Information shown:
(* Let $\mathbb{X}=\{0,1\}^{\mathbb{N}}$ with the metric $d$ and let $\mu$ be the measure on $\mathbb{X}$ defined below from a family $\mathcal{L}$ of cylinders and numbers $0<p_0\le p_1$ with $p_0+p_1=1$. Let $E=\{q=(q_1,q_2)\in\mathbb{R}^2: q_1+q_2\ge0\}$, and let $\chi:\mathbb{X}\times\left]0,1\right]\to(\mathbb{R}^2)'$ satisfy: for every $q=(q_1,q_2)\in\mathbb{R}^2$ and every $\lambda>0$ there is $r_0>0$ such that for all $x\in\mathbb{X}$ and $r<r_0$, $$r^{\lambda}\mu(B(x,r))^{q_1+q_2}\le e^{\langle q,\chi(x,r)\rangle}\le r^{-\lambda}\mu(B(x,r))^{q_1+q_2}.$$ Let $a>0$ and $\alpha\in(\mathbb{R}^2)'$ with $\langle q,\alpha\rangle=a(q_1+q_2)$. Then $$\left\{x\in\mathbb{X}:\limsup_{r\to0}\frac{\langle q,\chi(x,r)\rangle}{\log r}\le\langle q,\alpha\rangle\ \forall q\in E\right\}=\left\{x\in\mathbb{X}:\limsup_{r\to0}\frac{\log\mu(B(x,r))}{\log r}\le a\right\}.$$
   Context: For $x=(x_i)_{i\ge0},y=(y_i)_{i\ge0}\in\mathbb{X}$, $d(x,y)=0$ if $x=y$ and $d(x,y)=2^{-n}$ if $x_n\ne y_n$ and $x_i=y_i$ for $0\le i<n$. For a finite word $j=j_0\dots j_{n-1}$ over $\{0,1\}$, the cylinder is $[j]=\{jx:x\in\mathbb{X}\}$. $\mathcal{L}$ is a family of cylinders (its elements are called selected cylinders). $\mu$ is the Borel probability measure with $\mu(\mathbb{X})=1$ and, for every cylinder $[j]$ and $l\in\{0,1\}$, $\mu([jl])=p_l\,\mu([j])$ if $[j]$ contains a selected cylinder, and $\mu([jl])=\mu([j])/2$ otherwise. *)

From HB Require Import structures.
From mathcomp Require Import all_boot all_order all_algebra.
From mathcomp Require Import all_classical all_reals all_analysis.
Set Implicit Arguments. Unset Strict Implicit. Unset Printing Implicit Defensive.
Import Order.TTheory GRing.Theory Num.Theory.
Local Open Scope classical_set_scope.
Local Open Scope ring_scope.

(* The Cantor space X = {0,1}^N, with 0 = false, 1 = true. *)
Definition X := nat -> bool.

Definition dist (R : realType) (x y : X) : R :=
  match pselect (exists n, x n != y n) with
  | left H => (2%:R ^- (ex_minn H))%R
  | right _ => 0
  end.

Definition ball_d (R : realType) (x : X) (r : R) : set X :=
  [set y | dist R x y < r].

Definition catw (j : seq bool) (x : X) : X :=
  fun n => if (n < size j)%N then nth false j n else x (n - size j)%N.

Definition cyl (j : seq bool) : set X := [set catw j x | x in [set: X]].

Definition d_open (R : realType) : set (set X) :=
  [set A | forall x, A x -> exists2 r : R, 0 < r & ball_d x r `<=` A].

Definition borelX (R : realType) := g_sigma_algebraType (d_open R).

(* [j] contains a selected cylinder, L being the family of selected cylinders
   (given by their words) *)
Definition contains_selected (L : set (seq bool)) (j : seq bool) : Prop :=
  exists2 k, L k & cyl k `<=` cyl j.

Definition is_mu (R : realType) (L : set (seq bool)) (p0 p1 : R)
  (mu : set (borelX R) -> \bar R) : Prop :=
  mu setT = 1%E /\
  forall (j : seq bool) (l : bool),
    mu (cyl (rcons j l)) =
      ((if pselect (contains_selected L j) then (if l then p1 else p0)
        else 2^-1)%:E * mu (cyl j))%E.

(* pairing <q, v> between R^2 and its dual (identified with R^2) *)
Definition pairing (R : realType) (q v : R * R) : R := q.1 * v.1 + q.2 * v.2.

Definition limsup0 (R : realType) (f : R -> R) : \bar R :=
  ereal_inf [set ereal_sup [set (f r)%:E | r in `]0, delta[ ] | delta in `]0, +oo[ ].

From HB Require Import structures.
From mathcomp Require Import all_boot all_order all_algebra.
From mathcomp Require Import all_classical all_reals all_analysis.
From mathcomp Require Import lra.
Import Order.TTheory GRing.Theory Num.Theory.
Local Open Scope classical_set_scope.
Local Open Scope ring_scope.

(* Taking logarithms and dividing by [ln r < 0], the hypothesis on [chi] says
   that [<q, chi(x,r)> / ln r] and [(q1 + q2) ln mu(B(x,r)) / ln r] differ by
   at most any prescribed [lam] for small [r].  With [q = (1,0)] this bounds
   the local dimension of [mu] by the limsup for [chi]; conversely, for
   [q1 + q2 >= 0] multiplying the local-dimension bound by [q1 + q2] gives the
   bound for [chi]. *)

Section Limsup0.
Context {R : realType}.
Implicit Types (f g : R -> R) (c s : R).

Lemma limsup0_leP f c : (limsup0 f <= c%:E)%E <->
  forall e, 0 < e -> exists2 d, 0 < d & forall r, 0 < r -> r < d -> f r <= c + e.
Proof.
split=> [fc e e0 | fce].
- have : (limsup0 f < (c + e)%:E)%E by apply: le_lt_trans fc _; rewrite lte_fin ltrDl.
  case/ereal_inf_lt => _ [d + <-]; rewrite /= in_itv /= andbT => d0 supd.
  exists d => // r r0 rd; rewrite -lee_fin; apply/ltW/(le_lt_trans _ supd).
  by apply: ereal_sup_ubound; exists r; rewrite //= in_itv /= r0 rd.
- apply/lee_addgt0Pr => e e0; have [d d0 fd] := fce e e0.
  apply: (@le_trans _ _ (ereal_sup [set (f r)%:E | r in `]0, d[])).
    by apply: ereal_inf_lbound; exists d; rewrite //= in_itv /= d0.
  apply: ge_ereal_sup => _ [r /= + <-]; rewrite in_itv /= => /andP[r0 rd].
  by rewrite -EFinD lee_fin fd.
Qed.

Lemma limsup0_le_approx f g c :
  (forall e, 0 < e -> exists2 d, 0 < d & forall r, 0 < r -> r < d -> f r <= g r + e) ->
  (limsup0 g <= c%:E)%E -> (limsup0 f <= c%:E)%E.
Proof.
move=> fg /limsup0_leP gc; apply/limsup0_leP => e e0.
have e20 : 0 < e / 2 by rewrite divr_gt0.
have [d1 d10 fgd] := fg _ e20; have [d2 d20 gcd] := gc _ e20.
exists (Num.min d1 d2) => [|r r0]; first by rewrite lt_min d10 d20.
rewrite lt_min => /andP[rd1 rd2]; have := fgd r r0 rd1; have := gcd r r0 rd2; lra.
Qed.

Lemma limsup0_scale f c s : 0 <= s ->
  (limsup0 f <= c%:E)%E -> (limsup0 (fun r => s * f r)%R <= (s * c)%:E)%E.
Proof.
move=> s0 /limsup0_leP fc; apply/limsup0_leP => e e0.
have s1 : 0 < s + 1 by lra.
have t0 : 0 < e / (s + 1) by rewrite divr_gt0.
have et : e = e / (s + 1) * (s + 1) by rewrite divfK ?lt0r_neq0.
have [d d0 fcd] := fc _ t0; exists d => // r r0 rd.
have := ler_wpM2l s0 (fcd r r0 rd); rewrite mulrDr; nra.
Qed.

Lemma ln_div_ln_sandwich (m s e lam r : R) : 0 < r < 1 ->
  powR r lam * powR m s <= expR e -> expR e <= powR r (- lam) * powR m s ->
  `|e / ln r - s * ln m / ln r| <= lam.
Proof.
move=> r01 lo hi; have lnr : ln r < 0 by apply: ln_lt0.
have ms0 : 0 < powR m s.
  rewrite lt_def powR_ge0 andbT; apply: contraTN hi => /eqP->.
  by rewrite mulr0 -ltNge expR_gt0.
have r0 : 0 < r by case/andP: r01.
have lo0 : 0 < powR r lam * powR m s by rewrite mulr_gt0 // powR_gt0.
have hi0 : 0 < powR r (- lam) * powR m s by rewrite mulr_gt0 // powR_gt0.
have ln_lo : lam * ln r + s * ln m <= e.
  rewrite -(ln_powR m) -(ln_powR r) -lnM ?posrE ?ms0 ?powR_gt0 //.
  by rewrite -[e in _ <= e]expRK ler_ln ?posrE ?expR_gt0 ?lo0 //; exact: lo.
have ln_hi : e <= - lam * ln r + s * ln m.
  rewrite -(ln_powR m) -(ln_powR r) -lnM ?posrE ?ms0 ?powR_gt0 //.
  by rewrite -[e in e <= _]expRK ler_ln ?posrE ?expR_gt0 ?hi0 //; exact: hi.
have il : (ln r)^-1 < 0 by rewrite invr_lt0.
have lil : ln r * (ln r)^-1 = 1 by rewrite mulfV ?lt_eqF.
by rewrite -mulrBl ler_norml; apply/andP; split; nra.
Qed.

End Limsup0.

Section ChiVersusMass.
Context {R : realType} {T : Type} {m : T -> R -> R} {chi : T -> R -> R * R}.

Hypothesis chi_sandwich : forall (q : R * R) (lam : R), 0 < lam ->
  exists2 r0 : R, 0 < r0 &
    forall (x : T) (r : R), 0 < r -> r <= 1 -> r < r0 ->
      powR r lam * powR (m x r) (q.1 + q.2) <= expR (pairing q (chi x r))
      /\ expR (pairing q (chi x r)) <= powR r (- lam) * powR (m x r) (q.1 + q.2).

Lemma pairing_chi_ln_close (q : R * R) (x : T) (lam : R) : 0 < lam ->
  exists2 d : R, 0 < d & forall r, 0 < r -> r < d ->
    `|pairing q (chi x r) / ln r - (q.1 + q.2) * (ln (m x r) / ln r)| <= lam.
Proof.
move=> lam0; have [d d0 chi_d] := chi_sandwich q lam lam0.
exists (Num.min d 1) => [|r r0]; first by rewrite lt_min d0 ltr01.
rewrite lt_min => /andP[rd r1]; have [lo hi] := chi_d x r r0 (ltW r1) rd.
by rewrite mulrA; apply: ln_div_ln_sandwich lo hi; rewrite r0.
Qed.

Lemma local_dim_le_of_chi (x : T) (c : R) :
  (limsup0 (fun r => (pairing (1, 0) (chi x r) / ln r)%R) <= c%:E)%E ->
  (limsup0 (fun r => (ln (m x r) / ln r)%R) <= c%:E)%E.
Proof.
apply: limsup0_le_approx => e e0.
have [d d0 close] := pairing_chi_ln_close (1, 0) x e e0.
exists d => // r r0 rd; have := close r r0 rd.
by rewrite /= addr0 mul1r ler_norml => /andP[]; lra.
Qed.

Lemma chi_le_of_local_dim (x : T) (a : R) (q : R * R) : 0 <= q.1 + q.2 ->
  (limsup0 (fun r => (ln (m x r) / ln r)%R) <= a%:E)%E ->
  (limsup0 (fun r => (pairing q (chi x r) / ln r)%R) <= ((q.1 + q.2) * a)%:E)%E.
Proof.
move=> s0 /(limsup0_scale _ _ _ s0); apply: limsup0_le_approx => e e0.
have [d d0 close] := pairing_chi_ln_close q x e e0.
exists d => // r r0 rd; have := close r r0 rd.
by rewrite ler_norml => /andP[]; lra.
Qed.

End ChiVersusMass.

Theorem proposition3 (R : realType) (L : set (seq bool)) (p0 p1 : R)
  (mu : {measure set (borelX R) -> \bar R})
  (chi : X -> R -> R * R) (a : R) (alpha : R * R) :
  0 < p0 -> p0 <= p1 -> p0 + p1 = 1 ->
  is_mu L p0 p1 mu ->
  (forall (q : R * R) (lam : R), 0 < lam ->
     exists2 r0 : R, 0 < r0 &
       forall (x : X) (r : R), 0 < r -> r <= 1 -> r < r0 ->
         ((powR r lam * powR (fine (mu (ball_d x r))) (q.1 + q.2)
           <= expR (pairing q (chi x r)))%R
         /\ (expR (pairing q (chi x r))
           <= powR r (- lam) * powR (fine (mu (ball_d x r))) (q.1 + q.2))%R)) ->
  0 < a ->
  (forall q : R * R, pairing q alpha = a * (q.1 + q.2)) ->
  [set x : X | forall q : R * R, 0 <= q.1 + q.2 ->
     (limsup0 (fun r => (pairing q (chi x r) / ln r)%R) <= (pairing q alpha)%:E)%E]
  = [set x : X |
     (limsup0 (fun r => (ln (fine (mu (ball_d x r))) / ln r)%R) <= a%:E)%E].
Proof.
move=> _ _ _ _ chi_sandwich _ alphaE.
apply/seteqP; split => x /= dimx.
- have := dimx (1, 0); rewrite alphaE /= addr0 mulr1 => /(_ ler01).
  exact: local_dim_le_of_chi chi_sandwich x a.
- move=> q s0; rewrite alphaE mulrC.
  exact: chi_le_of_local_dim chi_sandwich x a q s0 dimx.
Qed.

Exercise: Exact copies of the line containing "is_mu L p0 p1 mu ->" and of every line after it through the end of the entries are all that should be output.

Answer for this exercise:
  is_mu L p0 p1 mu ->
  (forall (q : R * R) (lam : R), 0 < lam ->
     exists2 r0 : R, 0 < r0 &
       forall (x : X) (r : R), 0 < r -> r <= 1 -> r < r0 ->
         ((powR r lam * powR (fine (mu (ball_d x r))) (q.1 + q.2)
           <= expR (pairing q (chi x r)))%R
         /\ (expR (pairing q (chi x r))
           <= powR r (- lam) * powR (fine (mu (ball_d x r))) (q.1 + q.2))%R)) ->
  0 < a ->
  (forall q : R * R, pairing q alpha = a * (q.1 + q.2)) ->
  [set x : X | forall q : R * R, 0 <= q.1 + q.2 ->
     (limsup0 (fun r => (pairing q (chi x r) / ln r)%R) <= (pairing q alpha)%:E)%E]
  = [set x : X |
     (limsup0 (fun r => (ln (fine (mu (ball_d x r))) / ln r)%R) <= a%:E)%E].
Proof.
move=> _ _ _ _ chi_sandwich _ alphaE.
apply/seteqP; split => x /= dimx.
- have := dimx (1, 0); rewrite alphaE /= addr0 mulr1 => /(_ ler01).
  exact: local_dim_le_of_chi chi_sandwich x a.
- move=> q s0; rewrite alphaE mulrC.
  exact: chi_le_of_local_dim chi_sandwich x a q s0 dimx.
Qed.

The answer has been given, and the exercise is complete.